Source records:
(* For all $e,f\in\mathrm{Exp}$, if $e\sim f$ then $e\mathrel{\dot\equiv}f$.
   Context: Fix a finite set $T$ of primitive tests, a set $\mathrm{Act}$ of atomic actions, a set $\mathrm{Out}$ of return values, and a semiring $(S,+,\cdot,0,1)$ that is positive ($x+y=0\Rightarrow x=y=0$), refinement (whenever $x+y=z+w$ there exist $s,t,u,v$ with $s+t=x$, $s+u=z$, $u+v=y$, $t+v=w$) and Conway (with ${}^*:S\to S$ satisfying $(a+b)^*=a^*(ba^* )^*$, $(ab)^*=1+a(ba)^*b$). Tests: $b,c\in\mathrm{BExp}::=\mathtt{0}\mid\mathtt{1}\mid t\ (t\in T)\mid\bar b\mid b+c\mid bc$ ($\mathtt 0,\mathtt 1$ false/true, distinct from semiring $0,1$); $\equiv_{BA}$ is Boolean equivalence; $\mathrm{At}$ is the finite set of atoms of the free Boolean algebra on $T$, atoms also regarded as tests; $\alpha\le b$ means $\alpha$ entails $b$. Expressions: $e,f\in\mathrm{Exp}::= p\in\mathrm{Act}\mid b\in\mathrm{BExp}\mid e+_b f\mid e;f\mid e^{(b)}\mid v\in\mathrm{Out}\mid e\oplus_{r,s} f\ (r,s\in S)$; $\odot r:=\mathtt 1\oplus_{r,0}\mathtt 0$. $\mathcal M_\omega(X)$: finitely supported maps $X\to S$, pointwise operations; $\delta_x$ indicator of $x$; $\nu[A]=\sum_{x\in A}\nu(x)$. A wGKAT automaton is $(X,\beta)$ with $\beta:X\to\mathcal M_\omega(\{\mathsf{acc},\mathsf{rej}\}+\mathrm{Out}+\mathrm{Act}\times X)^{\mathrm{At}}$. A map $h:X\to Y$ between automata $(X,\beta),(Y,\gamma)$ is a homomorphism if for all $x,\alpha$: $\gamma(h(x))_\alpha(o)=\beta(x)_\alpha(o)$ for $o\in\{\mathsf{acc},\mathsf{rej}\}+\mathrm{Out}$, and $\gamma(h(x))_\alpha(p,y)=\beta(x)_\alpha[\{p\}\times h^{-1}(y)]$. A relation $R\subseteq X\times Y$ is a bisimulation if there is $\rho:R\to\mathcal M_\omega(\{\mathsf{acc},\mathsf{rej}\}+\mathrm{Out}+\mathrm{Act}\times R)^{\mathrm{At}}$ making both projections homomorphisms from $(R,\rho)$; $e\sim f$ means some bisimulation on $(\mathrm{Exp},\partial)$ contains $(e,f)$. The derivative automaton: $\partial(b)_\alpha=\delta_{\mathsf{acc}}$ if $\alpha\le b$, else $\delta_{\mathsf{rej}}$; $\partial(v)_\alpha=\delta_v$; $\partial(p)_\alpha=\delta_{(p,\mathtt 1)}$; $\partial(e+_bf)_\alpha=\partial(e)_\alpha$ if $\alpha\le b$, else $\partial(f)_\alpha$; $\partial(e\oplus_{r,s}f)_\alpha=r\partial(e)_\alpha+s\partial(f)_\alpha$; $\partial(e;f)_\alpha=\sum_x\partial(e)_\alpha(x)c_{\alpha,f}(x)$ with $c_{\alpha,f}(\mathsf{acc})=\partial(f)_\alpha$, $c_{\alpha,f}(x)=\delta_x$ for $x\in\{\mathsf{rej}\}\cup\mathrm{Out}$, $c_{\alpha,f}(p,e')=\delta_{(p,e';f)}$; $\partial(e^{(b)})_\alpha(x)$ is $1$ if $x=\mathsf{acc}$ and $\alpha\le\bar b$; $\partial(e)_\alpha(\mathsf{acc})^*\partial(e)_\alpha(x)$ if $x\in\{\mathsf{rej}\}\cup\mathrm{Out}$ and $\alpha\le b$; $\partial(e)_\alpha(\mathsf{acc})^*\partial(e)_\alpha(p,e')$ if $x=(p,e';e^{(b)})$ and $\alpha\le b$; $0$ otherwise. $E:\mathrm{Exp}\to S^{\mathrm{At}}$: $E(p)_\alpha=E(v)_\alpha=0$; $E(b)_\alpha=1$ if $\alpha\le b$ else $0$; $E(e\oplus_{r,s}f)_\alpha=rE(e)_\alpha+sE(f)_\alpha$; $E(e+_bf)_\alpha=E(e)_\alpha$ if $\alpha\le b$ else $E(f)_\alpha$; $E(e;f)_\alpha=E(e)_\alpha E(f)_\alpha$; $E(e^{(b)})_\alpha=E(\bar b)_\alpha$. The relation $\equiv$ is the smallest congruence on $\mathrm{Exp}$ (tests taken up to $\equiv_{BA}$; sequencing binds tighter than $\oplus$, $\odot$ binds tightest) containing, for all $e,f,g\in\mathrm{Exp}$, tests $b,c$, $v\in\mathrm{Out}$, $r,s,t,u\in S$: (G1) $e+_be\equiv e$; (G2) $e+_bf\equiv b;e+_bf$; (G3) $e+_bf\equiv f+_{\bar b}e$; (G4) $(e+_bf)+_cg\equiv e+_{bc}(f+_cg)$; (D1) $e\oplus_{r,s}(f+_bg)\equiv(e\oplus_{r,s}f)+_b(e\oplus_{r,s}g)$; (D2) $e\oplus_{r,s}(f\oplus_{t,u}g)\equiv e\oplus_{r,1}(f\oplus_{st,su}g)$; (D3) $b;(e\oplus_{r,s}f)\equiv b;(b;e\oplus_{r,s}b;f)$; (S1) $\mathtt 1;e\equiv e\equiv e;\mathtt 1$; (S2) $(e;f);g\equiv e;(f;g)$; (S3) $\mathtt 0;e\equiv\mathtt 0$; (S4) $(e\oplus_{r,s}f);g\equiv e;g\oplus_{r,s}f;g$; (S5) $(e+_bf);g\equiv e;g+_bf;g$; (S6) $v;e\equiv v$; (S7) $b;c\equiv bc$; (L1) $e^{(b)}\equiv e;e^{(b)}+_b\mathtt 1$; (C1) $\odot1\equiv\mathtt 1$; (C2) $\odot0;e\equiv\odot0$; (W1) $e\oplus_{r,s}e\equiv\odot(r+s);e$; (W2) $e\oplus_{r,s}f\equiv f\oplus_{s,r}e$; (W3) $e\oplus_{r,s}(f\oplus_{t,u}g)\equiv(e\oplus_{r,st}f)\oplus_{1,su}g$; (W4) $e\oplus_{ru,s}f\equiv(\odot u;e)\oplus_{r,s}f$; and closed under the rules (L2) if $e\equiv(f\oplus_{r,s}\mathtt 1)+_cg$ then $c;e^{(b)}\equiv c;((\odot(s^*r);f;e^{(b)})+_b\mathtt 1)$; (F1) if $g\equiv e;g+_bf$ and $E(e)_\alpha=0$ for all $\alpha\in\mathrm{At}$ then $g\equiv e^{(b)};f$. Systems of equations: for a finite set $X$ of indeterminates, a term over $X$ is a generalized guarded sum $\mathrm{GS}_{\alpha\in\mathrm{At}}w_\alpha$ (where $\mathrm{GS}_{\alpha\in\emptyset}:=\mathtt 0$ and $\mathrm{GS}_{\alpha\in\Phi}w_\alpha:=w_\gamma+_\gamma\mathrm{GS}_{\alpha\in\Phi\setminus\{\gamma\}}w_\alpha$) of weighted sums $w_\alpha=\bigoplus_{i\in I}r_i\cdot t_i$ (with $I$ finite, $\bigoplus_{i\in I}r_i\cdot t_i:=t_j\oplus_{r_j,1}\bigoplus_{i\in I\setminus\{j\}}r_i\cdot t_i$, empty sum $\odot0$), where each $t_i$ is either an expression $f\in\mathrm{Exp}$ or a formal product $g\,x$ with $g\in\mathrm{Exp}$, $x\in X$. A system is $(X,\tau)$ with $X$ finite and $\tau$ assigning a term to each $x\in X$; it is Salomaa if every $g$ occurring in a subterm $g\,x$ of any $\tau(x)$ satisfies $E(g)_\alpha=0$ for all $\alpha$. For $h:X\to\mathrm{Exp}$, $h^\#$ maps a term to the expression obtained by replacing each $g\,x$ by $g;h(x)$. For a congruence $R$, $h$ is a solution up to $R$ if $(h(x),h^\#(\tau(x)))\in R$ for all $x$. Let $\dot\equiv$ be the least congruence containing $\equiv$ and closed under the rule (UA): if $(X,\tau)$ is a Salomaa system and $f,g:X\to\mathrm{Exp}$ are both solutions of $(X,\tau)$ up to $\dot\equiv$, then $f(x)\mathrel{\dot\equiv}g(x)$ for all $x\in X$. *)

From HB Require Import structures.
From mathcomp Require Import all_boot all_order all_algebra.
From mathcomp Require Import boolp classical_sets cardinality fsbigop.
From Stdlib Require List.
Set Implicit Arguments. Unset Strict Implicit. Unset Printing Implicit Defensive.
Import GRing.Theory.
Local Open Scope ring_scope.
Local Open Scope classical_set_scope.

What is being asked: The span to give again runs from the line with "From Stdlib Require List." through the last line of the records above; reproduce it exactly and nothing more.

Answer to this problem:
From Stdlib Require List.
Set Implicit Arguments. Unset Strict Implicit. Unset Printing Implicit Defensive.
Import GRing.Theory.
Local Open Scope ring_scope.
Local Open Scope classical_set_scope.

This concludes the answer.